REQUIRED WORK: When you reach the line with "Proof. by apply: eq_card" in the data below, begin printing lines exactly, and stop once the line with "conj_fun phi (avg_pred" has been printed.

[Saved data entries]
(* Let $\phi:\mathbb{R}\to\mathbb{R}\cup\{+\infty\}$ be a strictly convex, closed scalar function of Legendre type with Legendre conjugate $\psi(y)=\sup_\lambda(\lambda y-\phi(\lambda))$, and for vectors set $\phi(\mathbf{x})=\sum_m\phi(x_m)$, $\psi(\mathbf{y})=\sum_m\psi(y_m)$. Define $L_\phi(\mathbf{a},\mathbf{b})=\phi(\mathbf{a})+\psi(\mathbf{b})-\langle\mathbf{a},\mathbf{b}\rangle$ (equivalently $D_\phi(\mathbf{a},\nabla\psi(\mathbf{b}))$, the Bregman divergence of $\phi$), for vectors or scalars. Fix a user $i$ who has rated the set $\mathcal{V}_i$ of items, with ratings $R_{ij}\in[L]$ for $j\in\mathcal{V}_i$, and let $\hat{\mathbf{R}}_i=(\hat R_{ij})_{j\in\mathcal{V}_i}$ be any real vector of predictions. For $l\in[L]$ let $\Omega_{il}=|\{j\in\mathcal{V}_i: R_{ij}=l\}|$, assume $\Omega_{il}\ge 1$ for every $l$, and let $\bar{\hat R}_i^{\,l}=\frac{1}{\Omega_{il}}\sum_{j: R_{ij}=l}\hat R_{ij}$. For a rating-scale vector assign to each level $l$ a value $r_{il}$, and let $E_i\mathbf{r}_i\in\mathbb{R}^{|\mathcal{V}_i|}$ be the vector whose entry for item $j$ is $r_{i,R_{ij}}$. Then the set of minimizers of $L_\phi(E_i\mathbf{r}_i,\hat{\mathbf{R}}_i)$ over rating-scale vectors with $r_{i1}\le r_{i2}\le\cdots\le r_{iL}$ equals the set of minimizers of $\sum_{l=1}^L\Omega_{il}\,L_\phi\big(r_{il},\bar{\hat R}_i^{\,l}\big)$ over the same set of vectors.
   Context: In the paper the rating-scale vector lies in the set of vectors in $\mathbb{R}^L$ with components in non-increasing order, with rating level $l$ stored in component $L-l+1$ (one-hot encoding $e_{L-l+1}=1$ for rating $l$); in the statement above $r_{il}$ directly denotes the value assigned to rating level $l$, so this set corresponds to $r_{i1}\le\cdots\le r_{iL}$. *)

From HB Require Import structures.
From mathcomp Require Import all_boot all_order all_algebra.
From mathcomp Require Import all_classical all_reals all_analysis.
Set Implicit Arguments. Unset Strict Implicit. Unset Printing Implicit Defensive.
Import Order.TTheory GRing.Theory Num.Theory.
Import numFieldNormedType.Exports.
Local Open Scope classical_set_scope.
Local Open Scope ring_scope.

Section Legendre.
Variable R : realType.
Implicit Types (phi : R -> \bar R).

Definition edom phi : set R := [set x | (phi x < +oo)%E].

Definition proper_fun phi : Prop :=
  (forall x, (-oo < phi x)%E) /\ (exists x, (phi x < +oo)%E).

Definition closed_fun phi : Prop :=
  forall a : R, closed [set x | (phi x <= a%:E)%E].

(* strictly convex (this also forces convexity of the effective domain) *)
Definition strictly_convex_fun phi : Prop :=
  forall x y t : R, x \in edom phi -> y \in edom phi -> x != y -> 0 < t < 1 ->
    (phi (t * x + (1 - t) * y)%R < t%:E * phi x + (1 - t)%R%:E * phi y)%E.

Definition convex_fun phi : Prop :=
  forall x y t : R, 0 <= t <= 1 ->
    (phi (t * x + (1 - t) * y)%R <= t%:E * phi x + (1 - t)%R%:E * phi y)%E.

(* essentially smooth (Rockafellar, Sec. 26), for a function on R:
   int dom phi nonempty, phi differentiable there, and |phi'(x_k)| -> +oo
   whenever x_k in int dom phi converges to a boundary point of dom phi. *)
Definition essentially_smooth phi : Prop :=
  (exists x, (edom phi)° x) /\
  (forall x, (edom phi)° x -> derivable (fun z => fine (phi z)) x 1) /\
  (forall (b : R) (u : nat -> R),
     closure (edom phi) b -> ~ (edom phi)° b ->
     (forall k, (edom phi)° (u k)) -> u @ \oo --> b ->
     forall M : R, exists N : nat, forall k, (N <= k)%N ->
       M < `| derive1 (fun z => fine (phi z)) (u k) |).

(* essentially strictly convex; in dimension one, for an essentially smooth
   function this amounts to strict convexity on int dom phi *)
Definition essentially_strictly_convex phi : Prop :=
  forall x y t : R, (edom phi)° x -> (edom phi)° y -> x != y -> 0 < t < 1 ->
    (phi (t * x + (1 - t) * y)%R < t%:E * phi x + (1 - t)%R%:E * phi y)%E.

Definition legendre phi : Prop :=
  proper_fun phi /\ closed_fun phi /\ convex_fun phi /\
  essentially_smooth phi /\ essentially_strictly_convex phi.

Definition conj_fun phi (y : R) : \bar R :=
  ereal_sup (range (fun l : R => ((l * y)%R%:E - phi l)%E)).

Definition Lphi phi (a b : R) : \bar R :=
  (phi a + conj_fun phi b - (a * b)%R%:E)%E.

Definition Lphi_vec phi (n : nat) (a b : 'I_n -> R) : \bar R :=
  ((\sum_(j < n) phi (a j)) + (\sum_(j < n) conj_fun phi (b j))
    - (\sum_(j < n) a j * b j)%R%:E)%E.

End Legendre.

Definition Omega_l (n L : nat) (Rt : 'I_n -> 'I_L) (l : 'I_L) : nat :=
  #|[set j | Rt j == l]|.

Definition avg_pred (R : realType) (n L : nat) (Rt : 'I_n -> 'I_L)
  (Rhat : 'I_n -> R) (l : 'I_L) : R :=
  (Omega_l Rt l)%:R^-1 * \sum_(j < n | Rt j == l) Rhat j.

Definition Eexpand (R : realType) (n L : nat) (Rt : 'I_n -> 'I_L)
  (r : 'I_L -> R) : 'I_n -> R := fun j => r (Rt j).

Definition scale_vec (R : realType) (L : nat) (r : 'I_L -> R) : Prop :=
  forall l l' : 'I_L, (l <= l')%N -> r l <= r l'.

Definition argmin_set (T : Type) (R : realType) (S : set T) (f : T -> \bar R)
  : set T :=
  [set x | S x /\ forall y, S y -> (f x <= f y)%E].

From HB Require Import structures.
From mathcomp Require Import all_boot all_order all_algebra.
From mathcomp Require Import all_classical all_reals all_analysis.
From mathcomp Require Import ring.
Set Implicit Arguments.
Unset Strict Implicit.
Unset Printing Implicit Defensive.

Import Order.TTheory GRing.Theory Num.Theory.
Local Open Scope classical_set_scope.
Local Open Scope ring_scope.

(* Grouping the items by rating level, the phi-part and the inner product of
   L_phi(E r, Rhat) regroup exactly into those of sum_l Omega_l L_phi(r_l, avg_l),
   because <E r, Rhat> = sum_l Omega_l r_l avg_l.  The two objectives thus differ
   by the constant sum_j psi(Rhat_j) - sum_l Omega_l psi(avg_l), independent of r,
   and have the same minimizers.  That constant is finite: psi(Rhat_j) < +oo by
   hypothesis, and psi, a supremum of affine functions, is bounded at a mean by a
   bound of its values; psi > -oo as phi is proper.  Nothing else about phi is
   used. *)

Lemma argmin_set_shift (T : Type) (R : realType) (S : set T)
    (f g : T -> \bar R) (c : R) :
  (forall x, f x = (g x + c%:E)%E) -> argmin_set S f = argmin_set S g.
Proof.
move=> fg; apply/seteqP; split=> x [Sx xmin]; split=> // y Sy.
  by have := xmin y Sy; rewrite !fg leeD2rE.
by rewrite !fg leeD2rE //; exact: xmin.
Qed.

Section Conjugate.
Variables (R : realType) (phi : R -> \bar R).

Lemma Lphi_fin a b : conj_fun phi b \is a fin_num ->
  Lphi phi a b = (phi a + (fine (conj_fun phi b) - a * b)%:E)%E.
Proof. by move=> psib; rewrite /Lphi -(fineK psib) -addeA -EFinB. Qed.

Hypothesis phi_proper : proper_fun phi.

Lemma conj_fun_gtNy y : (-oo < conj_fun phi y)%E.
Proof.
have [phi_gtNy [x phix_lty]] := phi_proper.
have phix : phi x \is a fin_num by rewrite fin_numE -ltNye -ltey phi_gtNy.
apply: (@lt_le_trans _ _ ((x * y)%:E - phi x)%E).
  by rewrite -(fineK phix) -EFinB ltNyr.
by apply: ereal_sup_ubound; exists x.
Qed.

Lemma conj_fun_fin_num y :
  (conj_fun phi y < +oo)%E -> conj_fun phi y \is a fin_num.
Proof. by move=> psiy; rewrite fin_numE -ltNye -ltey conj_fun_gtNy. Qed.

Lemma conj_fun_mean_le (I : finType) (P : pred I) (y : I -> R) (M : R) :
  (0 < #|P|)%N -> (forall i, P i -> (conj_fun phi (y i) <= M%:E)%E) ->
  (conj_fun phi (#|P|%:R^-1 * \sum_(i | P i) y i) <= M%:E)%E.
Proof.
move=> P_gt0 psiy_le; apply: ge_ereal_sup => _ [lam _ <-].
case phi_lam: (phi lam) => [c| |]; last 2 first.
- by rewrite addeNy leNye.
- by have := phi_proper.1 lam; rewrite phi_lam.
have affine_le i : P i -> lam * y i - c <= M.
  move=> Pi; rewrite -lee_fin EFinB -phi_lam.
  by apply: le_trans (psiy_le i Pi); apply: ereal_sup_ubound; exists lam.
have P_neq0 : #|P|%:R != 0 :> R by rewrite pnatr_eq0 -lt0n.
rewrite -EFinB lee_fin.
rewrite [leLHS](_ : _ = #|P|%:R^-1 * \sum_(i | P i) (lam * y i - c)); last first.
  by rewrite sumrB sumr_const -mulr_sumr; field.
rewrite ler_pdivrMl ?ltr0n // mulr_natl -sumr_const.
by apply: ler_sum => i /affine_le.
Qed.

End Conjugate.

Section RatingLevels.
Variables (n L : nat) (Rt : 'I_n -> 'I_L).

Lemma Omega_lE (l : 'I_L) : Omega_l Rt l = #|[pred j | Rt j == l]|.
Proof. by apply: eq_card => j; rewrite /in_mem /= /in_set asboolb. Qed.

Lemma sum_level_const (V : nmodType) (l : 'I_L) (x : V) :
  \sum_(j < n | Rt j == l) x = x *+ Omega_l Rt l.
Proof. by rewrite sumr_const Omega_lE. Qed.

Lemma big_level (V : nmodType) (F : 'I_L -> V) :
  \sum_(j < n) F (Rt j) = \sum_(l < L) F l *+ Omega_l Rt l.
Proof.
rewrite (partition_big Rt predT) //; apply: eq_bigr => l _.
by rewrite -sum_level_const; apply: eq_bigr => j /eqP ->.
Qed.

Variables (R : realType) (Rhat : 'I_n -> R).

Lemma sum_level_avg (l : 'I_L) : (0 < Omega_l Rt l)%N ->
  \sum_(j < n | Rt j == l) Rhat j = avg_pred Rt Rhat l *+ Omega_l Rt l.
Proof.
move=> Omega_gt0; rewrite -mulr_natl /avg_pred mulrA divff ?mul1r //.
by rewrite pnatr_eq0 -lt0n.
Qed.

Lemma inner_Eexpand (r : 'I_L -> R) : (forall l, 0 < Omega_l Rt l)%N ->
  \sum_(j < n) Eexpand Rt r j * Rhat j =
  \sum_(l < L) (r l * avg_pred Rt Rhat l) *+ Omega_l Rt l.
Proof.
move=> Omega_gt0; rewrite (partition_big Rt predT) //; apply: eq_bigr => l _.
rewrite (eq_bigr (fun j => r l * Rhat j)); last by move=> j /eqP <-.
by rewrite -mulr_sumr sum_level_avg // mulrnAr.
Qed.

End RatingLevels.

Lemma conj_fun_avg_pred_fin_num (R : realType) (phi : R -> \bar R) (n L : nat)
    (Rt : 'I_n -> 'I_L) (Rhat : 'I_n -> R) (l : 'I_L) :
  proper_fun phi -> (0 < Omega_l Rt l)%N ->
  (forall j, (conj_fun phi (Rhat j) < +oo)%E) ->
  conj_fun phi (avg_pred Rt Rhat l) \is a fin_num.
Proof.
move=> phi_proper Omega_gt0 psi_lty.
have psi_fin j := conj_fun_fin_num phi_proper (psi_lty j).
pose M := \sum_(j < n) `|fine (conj_fun phi (Rhat j))|.
have psi_le_M j : (conj_fun phi (Rhat j) <= M%:E)%E.
  rewrite -(fineK (psi_fin j)) lee_fin (le_trans (ler_norm _)) //.
  by rewrite /M (bigD1 j) //= lerDl sumr_ge0.
apply: conj_fun_fin_num => //; apply: le_lt_trans (ltry M).
rewrite /avg_pred Omega_lE; apply: conj_fun_mean_le => //.
by rewrite -Omega_lE.
Qed.

Lemma Lphi_vec_Eexpand (R : realType) (phi : R -> \bar R) (n L : nat)
    (Rt : 'I_n -> 'I_L) (Rhat : 'I_n -> R) (r : 'I_L -> R) :
  let psi := conj_fun phi in
  (forall l, 0 < Omega_l Rt l)%N ->
  (forall j, psi (Rhat j) \is a fin_num) ->
  (forall l, psi (avg_pred Rt Rhat l) \is a fin_num) ->
  Lphi_vec phi (Eexpand Rt r) Rhat =
    (\sum_(l < L) (Omega_l Rt l)%:R%:E * Lphi phi (r l) (avg_pred Rt Rhat l)
     + (\sum_(j < n) fine (psi (Rhat j))
        - \sum_(l < L) fine (psi (avg_pred Rt Rhat l)) *+ Omega_l Rt l)%:E)%E.
Proof.
move=> psi Omega_gt0 psi_Rhat psi_avg.
have sum_phi : (\sum_(j < n) phi (Eexpand Rt r j) =
                \sum_(l < L) (Omega_l Rt l)%:R%:E * phi (r l))%E.
  rewrite (@big_level n L Rt _ (fun l => phi (r l))).
  by apply: eq_bigr => l _; rewrite mule_natl.
have sum_psi : (\sum_(j < n) psi (Rhat j) =
                (\sum_(j < n) fine (psi (Rhat j)))%:E)%E.
  by rewrite -sumEFin; apply: eq_bigr => j _; rewrite fineK.
under [in RHS]eq_bigr => l _ do
  rewrite Lphi_fin // muleDr ?fin_num_adde_defl // -EFinM mulr_natl.
rewrite /Lphi_vec sum_phi sum_psi inner_Eexpand // big_split /= sumEFin.
rewrite -!addeA -!EFinD; congr (_ + _%:E)%E.
rewrite [X in _ = X + _](eq_bigr _ (fun l _ => mulrnBl _ _ _)) sumrB; ring.
Qed.

Theorem lemma2 (R : realType) (phi : R -> \bar R) (n L : nat)
  (Rt : 'I_n -> 'I_L) (Rhat : 'I_n -> R) :
  strictly_convex_fun phi -> closed_fun phi -> legendre phi ->
  (forall l : 'I_L, (1 <= Omega_l Rt l)%N) ->
  (forall j : 'I_n, (conj_fun phi (Rhat j) < +oo)%E) ->
  argmin_set (@scale_vec R L)
    (fun r => Lphi_vec phi (Eexpand Rt r) Rhat)
  = argmin_set (@scale_vec R L)
    (fun r => (\sum_(l < L) (Omega_l Rt l)%:R%:E
                 * Lphi phi (r l) (avg_pred Rt Rhat l))%E).
Proof.
move=> _ _ [phi_proper _] Omega_gt0 psi_lty.
have psi_Rhat j := conj_fun_fin_num phi_proper (psi_lty j).
have psi_avg l := conj_fun_avg_pred_fin_num phi_proper (Omega_gt0 l) psi_lty.
by apply: argmin_set_shift => r; exact: Lphi_vec_Eexpand.
Qed.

WRITTEN SOLUTION:
Proof. by apply: eq_card => j; rewrite /in_mem /= /in_set asboolb. Qed.

Lemma sum_level_const (V : nmodType) (l : 'I_L) (x : V) :
  \sum_(j < n | Rt j == l) x = x *+ Omega_l Rt l.
Proof. by rewrite sumr_const Omega_lE. Qed.

Lemma big_level (V : nmodType) (F : 'I_L -> V) :
  \sum_(j < n) F (Rt j) = \sum_(l < L) F l *+ Omega_l Rt l.
Proof.
rewrite (partition_big Rt predT) //; apply: eq_bigr => l _.
by rewrite -sum_level_const; apply: eq_bigr => j /eqP ->.
Qed.

Variables (R : realType) (Rhat : 'I_n -> R).

Lemma sum_level_avg (l : 'I_L) : (0 < Omega_l Rt l)%N ->
  \sum_(j < n | Rt j == l) Rhat j = avg_pred Rt Rhat l *+ Omega_l Rt l.
Proof.
move=> Omega_gt0; rewrite -mulr_natl /avg_pred mulrA divff ?mul1r //.
by rewrite pnatr_eq0 -lt0n.
Qed.

Lemma inner_Eexpand (r : 'I_L -> R) : (forall l, 0 < Omega_l Rt l)%N ->
  \sum_(j < n) Eexpand Rt r j * Rhat j =
  \sum_(l < L) (r l * avg_pred Rt Rhat l) *+ Omega_l Rt l.
Proof.
move=> Omega_gt0; rewrite (partition_big Rt predT) //; apply: eq_bigr => l _.
rewrite (eq_bigr (fun j => r l * Rhat j)); last by move=> j /eqP <-.
by rewrite -mulr_sumr sum_level_avg // mulrnAr.
Qed.

End RatingLevels.

Lemma conj_fun_avg_pred_fin_num (R : realType) (phi : R -> \bar R) (n L : nat)
    (Rt : 'I_n -> 'I_L) (Rhat : 'I_n -> R) (l : 'I_L) :
  proper_fun phi -> (0 < Omega_l Rt l)%N ->
  (forall j, (conj_fun phi (Rhat j) < +oo)%E) ->
  conj_fun phi (avg_pred Rt Rhat l) \is a fin_num.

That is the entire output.